Not to sound like a bug, but how do you know the electric element isn't working? does the light on the switch come on? It does take a while for the electric side to heat up the water. I will often flip both the electric and gas switches on to recover the heat quicker while camping. Just need to fill in the blanks a little...


----------



## albertaoutbacker (Mar 5, 2007)

no worries crisis averted, I was just not giving it long enough to heat up!!! I thought that it would be way quicker than it was!!


----------



## egregg57 (Feb 13, 2006)

albertaoutbacker said:


> no worries crisis averted, I was just not giving it long enough to heat up!!! I thought that it would be way quicker than it was!!
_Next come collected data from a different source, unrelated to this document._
Theorem lemma2p7 (R : realType) (d : nat) (m : mesh R d) (T : R) (N : nat)
  (rho : nat -> cell m -> R) (rhos : nat -> face m -> R)
  (u : nat -> cell m -> face m -> R) (M : R) :
  0 < T -> (0 < N)%N ->
  (forall n K, (n <= N)%N -> 0 < rho n K) ->
  (forall n s, (n <= N)%N ->
     (forall L, fL s = Some L -> u n L s = - u n (fK s) s) /\
     (fL s = None -> u n (fK s) s = 0)) ->
  (forall n s, (n < N)%N -> int_face s ->
     if 0 <= u n.+1 (fK s) s
     then inI (rho n.+1 (fK s)) (rhoKL rho n.+1 s) (rhos n.+1 s)
     else inI (rho n.+1 (sigL s)) (rhoKL rho n.+1 s) (rhos n.+1 s)) ->
  1 < M ->
  (forall n K, (n <= N)%N -> rho n K <= M /\ (rho n K)^-1 <= M) ->
  (forall n K s, (n <= N)%N -> faceof K s -> `|u n K s| <= M) ->
  (dual_norm T N (dR rho rhos u) <=
     (3 * M * phinf M * BVnorm T N rho * hM m)%:E)%E.
Proof.
move=> T_gt0 N_gt0 rho_gt0 u_antisym rhos_between M_gt1 rho_bnd u_bnd.
apply: ge_ereal_sup => _ [psi [psi_test [grad_gt0 ->]]].
have M_gt0 : 0 < M := lt_trans ltr01 M_gt1.
case E: (gradsup m T psi) grad_gt0 => [g | |] //= g_gt0; last first.
  by rewrite invr0 mulr0 lee_fin !mulr_ge0 ?hM_ge0 ?BVnorm_ge0 ?(ltW T_gt0) ?(ltW M_gt0)
       ?(ltW (phinf_gt0 M_gt1)).
rewrite lte_fin in g_gt0; rewrite lee_fin ler_pdivrMr //.
apply: (pairing_dR_le T_gt0 N_gt0 rho_gt0 u_antisym rhos_between M_gt1 rho_bnd u_bnd
  psi_test g_gt0).
by move=> t x t_in Ox; rewrite -lee_fin -E; apply: ereal_sup_ubound; exists x, t.
Qed.
(* Let $\ell\ge2$, $r_0,\dots,r_\ell\ge1$ integers, $d_0,\dots,d_\ell$ integers with $d_V=\sum_kd_k=0$, and $\mathbf{g}\ge1$ an integer. Then, as $c\to+\infty$, the quantity $\mathring{\mathfrak{F}}(c)$ defined in the context has an asymptotic expansion $$\mathring{\mathfrak{F}}(c)=(\mu_0-\mu_1)\Big(Fut_1\,c+Fut_2+\frac{Fut_3}{c}+\frac{Fut_4}{c^2}+\cdots\Big),$$ where the real coefficients $Fut_i$ depend only on the $r_k$, $d_k$ and $\mathbf{g}$, and $$Fut_1=\frac{2\pi_R^2r_Vr_0r_1}{(r_V-1)!(r_V+1)!(r_0+r_1)}>0,\qquad Fut_2=\frac{2r_0r_1\pi_R^2}{(r_V-1)!(r_V+2)!(r_0+r_1)}\big[(r_V+2)(\mathbf{g}-1)+2r_V\mu_{01}\big],$$ with $\mu_{01}=\frac{d_0+d_1}{r_0+r_1}$.
   Context: $\mu_k=d_k/r_k$, $r_V=\sum_kr_k$, $\pi_R=\prod_k(r_k-1)!$, $c$ real with $c>\max_k\mu_k$. For $1\le j\ne k\le\ell$: $\alpha_0=\frac{\pi_R}{r_V!}(cr_V-d_V)$, $\alpha_j=\frac{\pi_R}{(r_V+1)!}r_j(c(r_V+1)-d_V-\mu_j)$, $\alpha_{jk}=\frac{\pi_R}{(r_V+2)!}r_jr_k(c(r_V+2)-d_V-\mu_j-\mu_k)$, $\alpha_{jj}=\frac{\pi_R}{(r_V+2)!}r_j(r_j+1)(c(r_V+2)-d_V-2\mu_j)$, $\beta_0=\frac{\pi_R}{(r_V-1)!}((r_V-1)r_Vc+2(1-\mathbf{g})-(r_V-1)d_V)$, $\beta_j=\frac{\pi_Rr_j}{r_V!}(r_V(r_V-1)c+2(1-\mathbf{g})-d_V(r_V-2)-r_V\mu_j)$. $A$ is the $(\ell-1)\times(\ell-1)$ matrix $A_{ij}=\alpha_{ij}-\alpha_i\alpha_j/\alpha_0$, $2\le i,j\le\ell$ (invertible for $c>\max\mu_k$), and $\mathring{\mathfrak{F}}(c)=(\alpha_0\beta_1-\alpha_1\beta_0)-\sum_{j,r=2}^\ell(A^{-1})_{rj}(\alpha_0\beta_r-\alpha_r\beta_0)\big(\alpha_{j1}-\frac{\alpha_1\alpha_j}{\alpha_0}\big)$. *)

From HB Require Import structures.
From mathcomp Require Import all_boot all_order all_algebra.
From mathcomp Require Import reals.
Set Implicit Arguments. Unset Strict Implicit. Unset Printing Implicit Defensive.
Import Order.TTheory GRing.Theory Num.Theory.
Local Open Scope ring_scope.

(* Vertices are 0..l; the data r d are given as sequences nat -> _, of which
   only the values at 0..l are used. *)
Section Defs.
Variable R : realType.
Variables (l : nat) (r : nat -> nat) (d : nat -> int) (g : nat).

Definition mu (k : nat) : R := (d k)%:~R / (r k)%:R.
Definition rV : nat := (\sum_(k < l.+1) r k)%N.
Definition dV : R := \sum_(k < l.+1) (d k)%:~R.
Definition piR : R := (\prod_(k < l.+1) ((r k).-1)`!)%N%:R.
Lemma noise_sqr_sum r h :
  \sum_x noise r h x ^+ 2 = \sum_y \sum_z h y * noise_kernel (r * r) y z * h z.
Proof.
under eq_bigr => x _ do rewrite expr2 mulr_suml.
under eq_bigr => x _ do under eq_bigr => y _ do rewrite mulr_sumr.
rewrite exchange_big /=; apply: eq_bigr => y _.
rewrite exchange_big /=; apply: eq_bigr => z _.
rewrite -noise_kernel_comp mulr_sumr mulr_suml; apply: eq_bigr => x _.
by rewrite (noise_kernel_sym r x y); ring.
Qed.

Lemma eigen_sqr r S : eigen (r * r) S = eigen r S ^+ 2.
Proof.
rewrite expr2 /eigen -big_split /=.
by apply: eq_bigr => i _; case: (S i); rewrite ?mulr1.
Qed.

Lemma eigen_empty r : eigen r emptyS = 1.
Proof. by rewrite /eigen big1 // => i _; rewrite ffunE. Qed.

Lemma eigen_bound r S : 0 <= r <= 1 -> S != emptyS -> 0 <= eigen r S <= r.
Proof.
move=> /andP[r0 r1] SN.
have [i Si] : exists i, S i.
  apply/existsP; apply: contraR SN => /existsPn S0.
  by apply/eqP/ffunP => i; rewrite ffunE; apply/negbTE.
rewrite /eigen (bigD1 i) //= Si.
have /andP[p0 p1] : 0 <= \prod_(j < n | j != i) (if S j then r else 1) <= 1.
  apply/andP; split; first by apply: prodr_ge0 => j _; case: (S j).
  by apply: prodr_ile1 => j _; case: (S j) => //; apply/andP.
by rewrite mulr_ge0 //= ler_piMr.
Qed.

Lemma fourier_empty h : fourier emptyS h = \sum_x h x.
Proof.
apply: eq_bigr => x _.
by rewrite /character big1 ?mulr1 // => i _; rewrite ffunE.
Qed.

Lemma balanced_fourier_mass h :
  (forall x, h x ^+ 2 = h x) -> \sum_x h x = 2 ^+ n / 2 ->
  \sum_(S | S != emptyS) fourier S h ^+ 2 = 2 ^+ n * 2 ^+ n / 4.
Proof.
move=> hbool hmean.
have := parseval h; rewrite (bigD1 emptyS) //= fourier_empty hmean.
under [\sum_x _]eq_bigr => x _ do rewrite hbool.
by rewrite hmean => /(canRL (addKr _)) ->; field.
Qed.

Lemma quadratic_max_at_end (c D l r : R) : 0 <= c -> 0 <= c * r + D ->
  0 <= l <= r -> c * l ^+ 2 + D * l <= c * r ^+ 2 + D * r.
Proof.
move=> c0 cD /andP[l0 lr].
have : 0 <= (r - l) * (c * (r + l) + D) by apply: mulr_ge0; nra.
nra.
Qed.

(* Spectral bound: for a balanced Boolean h, the quadratic functional
   c ||T_r h||^2 + D <h, T_r h> is at most its value on a dictator. *)
Lemma spectral_bound (r c D : R) h :
  0 <= r <= 1 -> 0 <= c -> 0 <= c * r + D ->
  (forall x, h x ^+ 2 = h x) -> \sum_x h x = 2 ^+ n / 2 ->
  c * \sum_x noise r h x ^+ 2 + D * \sum_x h x * noise r h x
    <= 2 ^+ n * (c * (1 + r ^+ 2) / 4 + D * (1 + r) / 4).
Proof.
move=> r01 c0 cD hbool hmean.
set N : R := 2 ^+ n; have N0 : 0 < N by rewrite exprn_gt0.
pose w S := c * eigen r S ^+ 2 + D * eigen r S.
have -> : c * \sum_x noise r h x ^+ 2 + D * \sum_x h x * noise r h x =
    N^-1 * \sum_S w S * fourier S h ^+ 2.
  rewrite noise_sqr_sum noise_form_fourier.
  have -> : \sum_x h x * noise r h x = \sum_x \sum_y h x * noise_kernel r x y * h y.
    by apply: eq_bigr => x _; rewrite mulr_sumr; apply: eq_bigr => y _; rewrite mulrA.
  rewrite noise_form_fourier mulrCA [D * _]mulrCA -mulrDr.
  rewrite [c * _]mulr_sumr [D * _]mulr_sumr -big_split /=; congr (_ * _).
  by apply: eq_bigr => S _; rewrite eigen_sqr /w; ring.
have wS S : S != emptyS -> w S * fourier S h ^+ 2 <=
    (c * r ^+ 2 + D * r) * fourier S h ^+ 2.
  move=> SN; rewrite ler_wpM2r ?sqr_ge0 //.
  by apply: quadratic_max_at_end => //; apply: eigen_bound.
have mass : \sum_(S | S != emptyS) w S * fourier S h ^+ 2 <=
    (c * r ^+ 2 + D * r) * (N * N / 4).
  by rewrite -(balanced_fourier_mass hbool hmean) mulr_sumr; apply: ler_sum.
have w0 : w emptyS = c + D by rewrite /w eigen_empty; ring.
rewrite (bigD1 emptyS) //= w0 fourier_empty hmean.
rewrite -(ler_pM2l N0) mulrA mulfV ?gt_eqF // mul1r.
apply: le_trans (lerD (lexx _) mass) _.
by rewrite /N le_eqVlt; apply/orP; left; apply/eqP; field.
Qed.

End Fourier.

Definition quad_majorant (R : realType) (phi : R -> R) (t0 slope c : R) : Prop :=
  forall t, 0 <= t <= 1 -> phi t <= phi t0 + slope * (t - t0) + c * (t - t0) ^+ 2.

Section DictatorBound.
Variables (R : realType) (n : nat).

Lemma balanced_sum (f : cube n -> bool) :
  Eunif (fun x => bval R (f x)) = 1 / 2 -> \sum_x bval R (f x) = 2 ^+ n / 2.
Proof.
have N0 : (2 : R) ^+ n != 0 by rewrite expf_neq0 // pnatr_eq0.
by rewrite /Eunif => /(canRL (mulKf (invr_neq0 N0))); rewrite invrK => ->; field.
Qed.
(* Consider a well-posed network $\Sigma$ and nonempty closed sets $\mathcal{A}_i\subset\mathbb{R}^{n_i}$, $i\in\mathbb{N}$, and let $\mathcal{A}:=\{x\in X: x_i\in\mathcal{A}_i\ \forall i\}$. Suppose $\Sigma$ is eISS with respect to $\mathcal{A}$. Then there exist $M\in\mathbb{N}$ and continuous functions $W_i:\mathbb{R}^{n_i}\to[0,\infty)$, $i\in\mathbb{N}$, together with $\underline\omega_i,\overline\omega_i\in\mathcal{K}_\infty$, $\gamma_{ij}\in\mathcal{K}_\infty\cup\{0\}$, $\gamma_{iu}\in\mathcal{K}$ ($i,j\in\mathbb{N}$) such that: (1) $\underline\omega_i(|\xi_i|_{\mathcal{A}_i})\le W_i(\xi_i)\le\overline\omega_i(|\xi_i|_{\mathcal{A}_i})$ for all $i$ and $\xi_i\in\mathbb{R}^{n_i}$; (2) $W_i(x_i(M,\xi,u))\le\max\{\sup_{j\in\mathbb{N}}\gamma_{ij}(W_j(\xi_j)),\gamma_{iu}(\|u\|_\infty)\}$ for all $i$, $\xi\in X$, $u\in\mathcal{U}$; (3) there exist $\underline\omega,\overline\omega\in\mathcal{K}_\infty$ with $\underline\omega\le\underline\omega_i\le\overline\omega_i\le\overline\omega$ for all $i$, $\alpha\in\mathcal{K}_\infty$ with $\alpha(s)<s$ for $s>0$ and $\gamma_{ij}\le\alpha$ for all $i,j$, and $\bar\gamma_u\in\mathcal{K}$ with $\gamma_{iu}\le\bar\gamma_u$ for all $i$.
   Context: For each $i\in\mathbb{N}$ fix positive integers $n_i,p_i$, norms on $\mathbb{R}^{n_i},\mathbb{R}^{p_i}$, a finite set $I_i\subset\mathbb{N}\setminus\{i\}$ with every $\{j: i\in I_j\}$ finite, and continuous $f_i:\mathbb{R}^{n_i}\times\prod_{j\in I_i}\mathbb{R}^{n_j}\times\mathbb{R}^{p_i}\to\mathbb{R}^{n_i}$. $X$ (resp. $U$) the spaces of sequences $(x_i)$, $x_i\in\mathbb{R}^{n_i}$ (resp. $(u_i)$, $u_i\in\mathbb{R}^{p_i}$) with finite norm $|x|_\infty=\sup_i|x_i|$. $f(x,u)_i=f_i(x_i,(x_j)_{j\in I_i},u_i)$; network $\Sigma$: $x(k+1)=f(x(k),u(k))$; well-posed means $f(X\times U)\subset X$. $\mathcal{U}$: sequences $u:\mathbb{N}_0\to U$ with $\|u\|_\infty=\sup_k|u(k)|_\infty<\infty$; $x(k,\xi,u)$ the solution with $x(0)=\xi$, $x_i(k,\xi,u)$ its $i$-th component. $|z|_{\mathcal{A}_i}=\inf_{y\in\mathcal{A}_i}|z-y|$, $|x|_{\mathcal{A}}=\inf_{y\in\mathcal{A}}|x-y|_\infty$. $\Sigma$ is eISS w.r.t. $\mathcal{A}$ ($\mathcal{A}$ nonempty) if there exist $C\ge1$, $\rho\in[0,1)$, $\gamma\in\mathcal{K}$ with $|x(k,\xi,u)|_{\mathcal{A}}\le\max\{C\rho^k|\xi|_{\mathcal{A}},\gamma(\|u\|_\infty)\}$ for all $\xi\in X$, $u\in\mathcal{U}$, $k\in\mathbb{N}_0$. $\mathcal{K},\mathcal{K}_\infty$ standard comparison classes. *)

From HB Require Import structures.
From mathcomp Require Import all_boot all_order all_algebra.
From mathcomp Require Import all_classical all_reals ereal.
(* (a) There are $2^{\mathfrak c}$ ultrafilters $x\in\beta\mathbb{N}$ that are not on finite levels, i.e. $x\notin\bigcup_{i=0}^\infty\overline{L_i}$. (b) There are $2^{\mathfrak c}$ ultrafilters that are irreducible in $\beta\mathbb{N}$ and not on finite levels. (c) $\bigcup_{i=0}^\infty\overline{L_i}\neq\overline{\bigcup_{i=0}^\infty L_i}$.
   Context: $\mathbb{N}=\{1,2,3,\dots\}$; $\beta\mathbb{N}$ is the set of ultrafilters on $\mathbb{N}$ (Stone–Čech compactification, naturals identified with principal ultrafilters), with multiplication: $A\in xy$ iff $\{n:A/n\in y\}\in x$, $A/n=\{m:mn\in A\}$. For $A\subseteq\mathbb{N}$, $\overline{A}=\{x\in\beta\mathbb{N}:A\in x\}$. $P$ is the set of primes, $L_0=\{1\}$, $L_n=\{a_1\cdots a_n:a_i\in P\}$. An ultrafilter is on a finite level if it lies in $\overline{L_i}$ for some $i\ge0$. $\mathfrak c=|\mathbb{R}|$. Irreducible: not of the form $yz$ with $y,z\in\beta\mathbb{N}\setminus\{1\}$. *)

From Stdlib Require Import PArith Reals.
From mathcomp Require Import all_boot.
From mathcomp Require Import boolp classical_sets.

Set Implicit Arguments.
Unset Strict Implicit.
Unset Printing Implicit Defensive.
Local Open Scope classical_set_scope.

(* N = {1,2,3,...} is represented by the type [positive]. *)

Definition ultrafilter (x : set (set positive)) : Prop :=
  [/\ x setT,
      ~ x set0,
      (forall A B, x A -> x B -> x (A `&` B)),
      (forall A B, A `<=` B -> x A -> x B)
    & (forall A, x A \/ x (~` A))].

(* Principal ultrafilter at n (naturals are identified with these). *)
Definition principal (n : positive) : set (set positive) := [set A | A n].

Definition divset (A : set positive) (n : positive) : set positive :=
  [set m | A (m * n)%positive].

Definition umul (x y : set (set positive)) : set (set positive) :=
  [set A | x [set n | y (divset A n)]].

(* closure \overline{A} = {x in beta N : A \in x} *)
Definition ubar (A : set positive) : set (set (set positive)) :=
  [set x | ultrafilter x /\ x A].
 Ha! and to think there was a problem with the Rolling Suite! Glad it worked out! And i too use both gas and electric when we have more than a few of us camping. It sure helps reheat the tank quick! The electric heater does take longer, I think even requires more energy than using propane!?







But what matters is its working for you!

Eric


----------



## nynethead (Sep 23, 2005)

I did that last year thought it was bad, bought a new element and just before replacing realized I never turned on the house breaker.....


----------